Each line from the opening of the listing below through the line that contains "Definition cosh_coef k" is to be output exactly as written.

TASK INPUT: Begin

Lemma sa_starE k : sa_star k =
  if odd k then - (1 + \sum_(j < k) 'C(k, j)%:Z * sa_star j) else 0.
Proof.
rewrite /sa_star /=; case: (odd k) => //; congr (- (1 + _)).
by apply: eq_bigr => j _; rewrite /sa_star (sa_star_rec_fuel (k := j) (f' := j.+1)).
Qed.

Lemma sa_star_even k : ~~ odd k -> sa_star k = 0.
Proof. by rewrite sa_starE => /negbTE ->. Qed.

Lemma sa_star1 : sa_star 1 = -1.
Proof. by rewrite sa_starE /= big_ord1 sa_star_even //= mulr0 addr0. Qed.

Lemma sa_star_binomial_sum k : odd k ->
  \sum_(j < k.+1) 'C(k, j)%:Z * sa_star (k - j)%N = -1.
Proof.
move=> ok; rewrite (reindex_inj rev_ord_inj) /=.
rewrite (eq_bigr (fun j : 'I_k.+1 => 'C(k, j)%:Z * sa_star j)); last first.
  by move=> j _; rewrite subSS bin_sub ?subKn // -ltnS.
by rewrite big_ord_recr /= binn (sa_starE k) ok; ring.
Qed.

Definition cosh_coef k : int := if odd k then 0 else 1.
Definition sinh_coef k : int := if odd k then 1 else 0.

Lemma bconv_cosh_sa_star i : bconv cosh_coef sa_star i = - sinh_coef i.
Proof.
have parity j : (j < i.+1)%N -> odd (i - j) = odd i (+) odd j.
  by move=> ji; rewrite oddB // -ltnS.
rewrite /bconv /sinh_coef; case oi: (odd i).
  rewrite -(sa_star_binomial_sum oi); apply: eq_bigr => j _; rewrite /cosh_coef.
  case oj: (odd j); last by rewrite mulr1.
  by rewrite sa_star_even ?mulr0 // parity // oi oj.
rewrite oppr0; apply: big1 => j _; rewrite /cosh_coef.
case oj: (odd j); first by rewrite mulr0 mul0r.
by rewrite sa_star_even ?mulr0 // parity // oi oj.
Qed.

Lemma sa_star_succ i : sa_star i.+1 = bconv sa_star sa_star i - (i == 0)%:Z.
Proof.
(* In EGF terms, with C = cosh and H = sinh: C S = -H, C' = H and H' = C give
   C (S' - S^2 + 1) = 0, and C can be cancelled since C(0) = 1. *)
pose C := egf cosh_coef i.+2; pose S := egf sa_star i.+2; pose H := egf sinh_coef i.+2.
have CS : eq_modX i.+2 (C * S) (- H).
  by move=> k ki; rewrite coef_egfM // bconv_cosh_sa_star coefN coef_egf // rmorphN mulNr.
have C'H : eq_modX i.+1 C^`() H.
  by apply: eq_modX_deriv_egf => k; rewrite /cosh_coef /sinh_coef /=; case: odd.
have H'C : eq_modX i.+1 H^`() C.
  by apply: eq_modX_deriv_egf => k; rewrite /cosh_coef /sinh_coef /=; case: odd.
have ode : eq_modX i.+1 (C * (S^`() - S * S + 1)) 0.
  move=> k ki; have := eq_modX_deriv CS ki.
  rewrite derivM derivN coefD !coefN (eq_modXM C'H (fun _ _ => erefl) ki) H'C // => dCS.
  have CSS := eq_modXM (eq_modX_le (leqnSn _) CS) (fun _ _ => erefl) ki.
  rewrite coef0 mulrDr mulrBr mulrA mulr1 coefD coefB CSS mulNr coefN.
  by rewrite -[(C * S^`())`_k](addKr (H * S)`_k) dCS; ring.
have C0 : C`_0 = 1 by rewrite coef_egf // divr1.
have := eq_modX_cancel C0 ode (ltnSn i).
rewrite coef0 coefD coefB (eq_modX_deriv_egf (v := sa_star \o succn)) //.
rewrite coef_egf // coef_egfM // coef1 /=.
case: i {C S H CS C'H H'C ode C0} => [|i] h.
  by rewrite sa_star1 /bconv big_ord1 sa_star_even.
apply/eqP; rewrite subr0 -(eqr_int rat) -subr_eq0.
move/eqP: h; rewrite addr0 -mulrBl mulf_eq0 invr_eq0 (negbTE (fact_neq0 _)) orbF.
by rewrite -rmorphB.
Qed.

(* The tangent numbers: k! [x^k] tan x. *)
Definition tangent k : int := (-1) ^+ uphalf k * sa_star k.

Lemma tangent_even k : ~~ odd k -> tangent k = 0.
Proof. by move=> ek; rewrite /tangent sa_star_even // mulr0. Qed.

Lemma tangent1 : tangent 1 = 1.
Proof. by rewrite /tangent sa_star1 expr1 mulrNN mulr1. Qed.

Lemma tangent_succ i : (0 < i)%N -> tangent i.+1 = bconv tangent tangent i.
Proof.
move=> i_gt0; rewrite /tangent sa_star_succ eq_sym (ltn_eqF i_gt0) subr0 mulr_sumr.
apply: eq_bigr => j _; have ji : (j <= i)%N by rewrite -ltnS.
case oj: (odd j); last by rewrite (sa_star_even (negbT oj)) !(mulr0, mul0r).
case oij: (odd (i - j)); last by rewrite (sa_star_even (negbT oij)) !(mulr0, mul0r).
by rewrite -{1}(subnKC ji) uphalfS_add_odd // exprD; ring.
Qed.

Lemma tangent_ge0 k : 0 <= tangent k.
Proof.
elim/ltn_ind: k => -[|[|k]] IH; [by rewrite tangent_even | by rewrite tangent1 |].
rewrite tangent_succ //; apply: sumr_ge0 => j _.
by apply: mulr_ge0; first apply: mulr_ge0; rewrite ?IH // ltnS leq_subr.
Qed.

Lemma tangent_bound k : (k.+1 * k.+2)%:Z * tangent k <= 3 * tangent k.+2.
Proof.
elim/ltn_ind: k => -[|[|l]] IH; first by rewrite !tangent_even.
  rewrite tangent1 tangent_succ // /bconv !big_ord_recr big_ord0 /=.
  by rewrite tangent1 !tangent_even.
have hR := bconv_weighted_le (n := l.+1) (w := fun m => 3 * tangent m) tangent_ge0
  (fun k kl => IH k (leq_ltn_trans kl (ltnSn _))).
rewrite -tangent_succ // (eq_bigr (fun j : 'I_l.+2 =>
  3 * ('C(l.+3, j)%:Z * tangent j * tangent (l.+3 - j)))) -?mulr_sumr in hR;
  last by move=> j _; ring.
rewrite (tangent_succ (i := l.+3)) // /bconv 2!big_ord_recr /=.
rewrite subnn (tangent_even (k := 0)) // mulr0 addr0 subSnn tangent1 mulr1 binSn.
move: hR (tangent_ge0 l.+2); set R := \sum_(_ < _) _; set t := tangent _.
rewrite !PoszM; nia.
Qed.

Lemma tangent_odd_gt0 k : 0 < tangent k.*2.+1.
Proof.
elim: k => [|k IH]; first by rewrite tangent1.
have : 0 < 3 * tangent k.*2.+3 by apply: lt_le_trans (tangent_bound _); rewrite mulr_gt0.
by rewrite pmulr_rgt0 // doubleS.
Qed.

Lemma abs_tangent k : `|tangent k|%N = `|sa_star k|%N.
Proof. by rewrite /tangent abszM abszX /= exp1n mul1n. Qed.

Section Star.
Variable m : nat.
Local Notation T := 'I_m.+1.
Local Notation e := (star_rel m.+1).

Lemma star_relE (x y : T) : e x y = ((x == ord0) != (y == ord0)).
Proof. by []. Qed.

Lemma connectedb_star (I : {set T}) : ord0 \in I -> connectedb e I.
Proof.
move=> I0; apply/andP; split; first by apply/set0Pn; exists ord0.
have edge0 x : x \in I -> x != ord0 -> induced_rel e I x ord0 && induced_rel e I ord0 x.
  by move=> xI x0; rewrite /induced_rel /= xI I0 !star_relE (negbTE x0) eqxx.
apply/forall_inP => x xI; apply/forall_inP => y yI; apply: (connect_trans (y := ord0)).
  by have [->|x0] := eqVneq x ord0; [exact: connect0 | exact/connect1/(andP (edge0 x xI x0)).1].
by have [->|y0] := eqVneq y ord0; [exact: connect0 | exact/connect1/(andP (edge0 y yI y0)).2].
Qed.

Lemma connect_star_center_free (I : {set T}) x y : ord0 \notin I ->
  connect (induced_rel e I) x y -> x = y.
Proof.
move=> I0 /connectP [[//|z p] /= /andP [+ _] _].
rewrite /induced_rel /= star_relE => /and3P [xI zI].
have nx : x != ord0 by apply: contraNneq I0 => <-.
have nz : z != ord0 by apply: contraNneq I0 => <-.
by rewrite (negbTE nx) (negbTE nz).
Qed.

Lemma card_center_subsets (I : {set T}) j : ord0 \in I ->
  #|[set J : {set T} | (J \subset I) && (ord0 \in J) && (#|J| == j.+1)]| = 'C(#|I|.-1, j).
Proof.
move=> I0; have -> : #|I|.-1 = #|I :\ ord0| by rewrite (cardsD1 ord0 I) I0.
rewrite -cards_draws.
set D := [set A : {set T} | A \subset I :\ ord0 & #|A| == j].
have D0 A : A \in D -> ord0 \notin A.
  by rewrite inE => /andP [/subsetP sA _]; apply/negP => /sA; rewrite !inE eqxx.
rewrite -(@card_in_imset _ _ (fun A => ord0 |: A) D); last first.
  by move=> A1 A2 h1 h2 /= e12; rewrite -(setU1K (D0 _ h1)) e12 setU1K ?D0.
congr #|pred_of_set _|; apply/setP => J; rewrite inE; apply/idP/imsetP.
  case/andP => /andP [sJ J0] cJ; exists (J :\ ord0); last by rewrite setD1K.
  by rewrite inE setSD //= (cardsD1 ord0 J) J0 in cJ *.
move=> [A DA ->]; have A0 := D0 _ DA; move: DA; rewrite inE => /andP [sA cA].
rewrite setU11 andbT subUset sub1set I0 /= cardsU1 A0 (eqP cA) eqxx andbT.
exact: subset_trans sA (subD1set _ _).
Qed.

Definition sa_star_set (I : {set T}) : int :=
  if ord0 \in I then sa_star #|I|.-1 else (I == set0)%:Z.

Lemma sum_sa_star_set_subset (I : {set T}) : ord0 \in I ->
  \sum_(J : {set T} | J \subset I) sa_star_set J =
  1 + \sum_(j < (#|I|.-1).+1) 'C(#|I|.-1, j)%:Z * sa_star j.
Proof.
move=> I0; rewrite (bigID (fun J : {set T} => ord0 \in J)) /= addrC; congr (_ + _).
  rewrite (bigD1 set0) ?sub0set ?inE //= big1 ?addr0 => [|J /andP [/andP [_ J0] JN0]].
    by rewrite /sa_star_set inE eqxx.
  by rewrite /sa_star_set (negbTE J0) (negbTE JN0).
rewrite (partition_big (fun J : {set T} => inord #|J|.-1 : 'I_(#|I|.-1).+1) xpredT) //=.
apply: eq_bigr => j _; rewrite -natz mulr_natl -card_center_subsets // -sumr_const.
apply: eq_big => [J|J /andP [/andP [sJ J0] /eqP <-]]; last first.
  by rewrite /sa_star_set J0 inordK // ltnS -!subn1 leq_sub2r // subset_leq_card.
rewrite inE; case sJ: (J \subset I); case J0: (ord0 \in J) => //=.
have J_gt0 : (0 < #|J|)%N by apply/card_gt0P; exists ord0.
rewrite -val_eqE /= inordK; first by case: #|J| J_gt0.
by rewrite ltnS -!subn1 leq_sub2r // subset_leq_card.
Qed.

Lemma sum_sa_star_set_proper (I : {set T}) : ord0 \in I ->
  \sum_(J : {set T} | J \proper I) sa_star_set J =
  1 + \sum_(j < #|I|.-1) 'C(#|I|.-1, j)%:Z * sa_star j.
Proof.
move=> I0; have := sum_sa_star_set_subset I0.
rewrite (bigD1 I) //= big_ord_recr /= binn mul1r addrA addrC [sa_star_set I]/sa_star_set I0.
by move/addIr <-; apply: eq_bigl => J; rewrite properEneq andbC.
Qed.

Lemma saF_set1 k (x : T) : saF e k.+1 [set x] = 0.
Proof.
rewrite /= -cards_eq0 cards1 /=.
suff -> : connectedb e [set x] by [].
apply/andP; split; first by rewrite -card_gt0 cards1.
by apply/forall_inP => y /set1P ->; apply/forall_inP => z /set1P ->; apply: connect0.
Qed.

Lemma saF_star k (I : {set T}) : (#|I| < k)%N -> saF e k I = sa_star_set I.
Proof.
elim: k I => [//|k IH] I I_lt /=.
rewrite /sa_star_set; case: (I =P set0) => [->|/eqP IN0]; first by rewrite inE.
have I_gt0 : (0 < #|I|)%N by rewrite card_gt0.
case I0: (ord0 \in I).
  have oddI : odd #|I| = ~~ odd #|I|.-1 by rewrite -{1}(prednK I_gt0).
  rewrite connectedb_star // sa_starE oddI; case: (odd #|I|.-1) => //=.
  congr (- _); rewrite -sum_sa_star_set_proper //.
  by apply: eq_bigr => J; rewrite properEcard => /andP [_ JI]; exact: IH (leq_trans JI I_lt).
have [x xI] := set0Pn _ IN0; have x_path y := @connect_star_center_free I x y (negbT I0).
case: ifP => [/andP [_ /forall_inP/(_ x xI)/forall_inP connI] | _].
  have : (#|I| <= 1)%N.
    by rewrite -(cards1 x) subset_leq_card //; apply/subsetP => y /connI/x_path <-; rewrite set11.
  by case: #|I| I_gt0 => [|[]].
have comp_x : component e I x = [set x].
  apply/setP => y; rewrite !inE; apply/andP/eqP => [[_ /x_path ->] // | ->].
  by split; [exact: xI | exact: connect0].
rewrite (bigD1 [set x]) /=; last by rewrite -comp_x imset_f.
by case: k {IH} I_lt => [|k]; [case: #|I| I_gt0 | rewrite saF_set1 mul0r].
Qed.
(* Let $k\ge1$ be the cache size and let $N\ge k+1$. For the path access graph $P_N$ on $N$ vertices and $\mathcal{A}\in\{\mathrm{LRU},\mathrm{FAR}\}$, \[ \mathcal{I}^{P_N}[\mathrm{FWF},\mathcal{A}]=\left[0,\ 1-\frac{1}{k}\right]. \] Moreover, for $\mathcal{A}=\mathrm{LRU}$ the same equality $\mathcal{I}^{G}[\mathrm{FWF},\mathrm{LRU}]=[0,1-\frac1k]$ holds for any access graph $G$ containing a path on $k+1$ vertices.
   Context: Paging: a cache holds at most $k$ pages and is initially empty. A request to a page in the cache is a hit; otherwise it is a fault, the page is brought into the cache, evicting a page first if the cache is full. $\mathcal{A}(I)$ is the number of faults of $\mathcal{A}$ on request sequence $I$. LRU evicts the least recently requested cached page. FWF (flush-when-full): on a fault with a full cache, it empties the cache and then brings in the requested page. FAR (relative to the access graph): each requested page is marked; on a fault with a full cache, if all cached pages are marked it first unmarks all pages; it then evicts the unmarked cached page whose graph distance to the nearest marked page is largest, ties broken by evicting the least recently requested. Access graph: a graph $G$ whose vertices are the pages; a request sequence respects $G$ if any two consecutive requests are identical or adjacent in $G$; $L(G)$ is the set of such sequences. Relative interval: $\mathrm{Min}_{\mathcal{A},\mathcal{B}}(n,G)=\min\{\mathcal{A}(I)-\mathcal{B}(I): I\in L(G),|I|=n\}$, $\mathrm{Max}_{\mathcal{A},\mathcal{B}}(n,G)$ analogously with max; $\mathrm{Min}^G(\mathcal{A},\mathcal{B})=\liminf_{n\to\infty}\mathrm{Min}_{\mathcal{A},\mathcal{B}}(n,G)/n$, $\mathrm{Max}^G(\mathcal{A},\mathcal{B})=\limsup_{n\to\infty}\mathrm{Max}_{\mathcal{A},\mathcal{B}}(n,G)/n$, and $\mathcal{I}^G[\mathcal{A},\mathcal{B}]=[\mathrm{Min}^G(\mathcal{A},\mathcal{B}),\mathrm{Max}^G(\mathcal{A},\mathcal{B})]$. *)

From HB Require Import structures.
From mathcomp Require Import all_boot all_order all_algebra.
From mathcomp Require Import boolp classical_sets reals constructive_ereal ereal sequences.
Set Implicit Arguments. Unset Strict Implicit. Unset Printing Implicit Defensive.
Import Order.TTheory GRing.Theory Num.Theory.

TASK INPUT: End

- _WORKED SOLUTION_
Lemma sa_starE k : sa_star k =
  if odd k then - (1 + \sum_(j < k) 'C(k, j)%:Z * sa_star j) else 0.
Proof.
rewrite /sa_star /=; case: (odd k) => //; congr (- (1 + _)).
by apply: eq_bigr => j _; rewrite /sa_star (sa_star_rec_fuel (k := j) (f' := j.+1)).
Qed.

Lemma sa_star_even k : ~~ odd k -> sa_star k = 0.
Proof. by rewrite sa_starE => /negbTE ->. Qed.

Lemma sa_star1 : sa_star 1 = -1.
Proof. by rewrite sa_starE /= big_ord1 sa_star_even //= mulr0 addr0. Qed.

Lemma sa_star_binomial_sum k : odd k ->
  \sum_(j < k.+1) 'C(k, j)%:Z * sa_star (k - j)%N = -1.
Proof.
move=> ok; rewrite (reindex_inj rev_ord_inj) /=.
rewrite (eq_bigr (fun j : 'I_k.+1 => 'C(k, j)%:Z * sa_star j)); last first.
  by move=> j _; rewrite subSS bin_sub ?subKn // -ltnS.
by rewrite big_ord_recr /= binn (sa_starE k) ok; ring.
Qed.

Definition cosh_coef k : int := if odd k then 0 else 1.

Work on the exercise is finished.